▶ TASK STATEMENT: Return a copy of each line in the listing that includes the word "apply".

SUPPLIED DATA Block Start

Lemma rcdf_eq0 : (forall t, t <= 0 -> rcdf t = rcdf (t - 1)) ->
  forall t, t <= 0 -> rcdf t = 0.
Proof.
move=> shift t t0.
have rcdfN k : rcdf (- k%:R) = rcdf 0.
  elim: k => [|k IH]; first by rewrite oppr0.
  by rewrite -natr1 opprD -shift ?IH // oppr_le0.
have : mu `]-oo, - k%:R] @[k --> \oo] --> (rcdf 0)%:E.
  by under eq_fun do rewrite rcdfE rcdfN; exact: cvg_cst.
move/(cvg_unique (@ereal_hausdorff R) cvg_measure_itvNy) => [rcdf00].
by apply/eqP; rewrite eq_le rcdf_ge0 rcdf00 rcdf_nondecreasing.
Qed.

Lemma rcdf_eq1 : (forall t, 1 <= t -> rcdf t = rcdf (t + 1)) ->
  forall t, 1 <= t -> rcdf t = 1.
Proof.
move=> shift t t1.
have rcdfS k : rcdf k.+1%:R = rcdf 1.
  elim: k => [//|k IH]; by rewrite -natr1 -shift // ler1n.
have : mu `]-oo, k%:R] @[k --> \oo] --> (rcdf 1)%:E.
  apply: cvg_near_cst; exists 1%N => // k /= k1.
  by rewrite rcdfE -(prednK k1) rcdfS.
move/(cvg_unique (@ereal_hausdorff R) cvg_measure_itvy) => [rcdf11].
by apply/eqP; rewrite eq_le rcdf_le1 rcdf11 rcdf_nondecreasing.
Qed.

Lemma measure_itv0_rcdf x : 0 <= x -> rcdf 0 = 0 -> mu `[0, x] = (rcdf x)%:E.
Proof.
move=> x0 rcdf00; rewrite -rcdfE; apply/eqP.
rewrite eq_le le_measure ?inE //=; last first.
  by apply: subitvPl; rewrite bnd_simp.
rewrite (@itv_bndbnd_setU _ _ _ (BLeft 0)) ?bnd_simp //.
rewrite (le_trans (measureU2 _ _ _)) // -[leRHS]add0e leeD2r //.
rewrite (@le_trans _ _ (mu `]-oo, 0%R])) //; last by rewrite rcdfE rcdf00.
by rewrite le_measure ?inE //; apply: subitvPr; rewrite bnd_simp.
Qed.

End real_cdf.

Section nary_expansion.
Variables (R : realType) (N : nat) (n : nat -> 'I_N).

SUPPLIED DATA Block End

▶ SOLUTION FOR THIS EXERCISE:
by apply/eqP; rewrite eq_le rcdf_ge0 rcdf00 rcdf_nondecreasing.
  apply: cvg_near_cst; exists 1%N => // k /= k1.
by apply/eqP; rewrite eq_le rcdf_le1 rcdf11 rcdf_nondecreasing.
move=> x0 rcdf00; rewrite -rcdfE; apply/eqP.
  by apply: subitvPl; rewrite bnd_simp.
by rewrite le_measure ?inE //; apply: subitvPr; rewrite bnd_simp.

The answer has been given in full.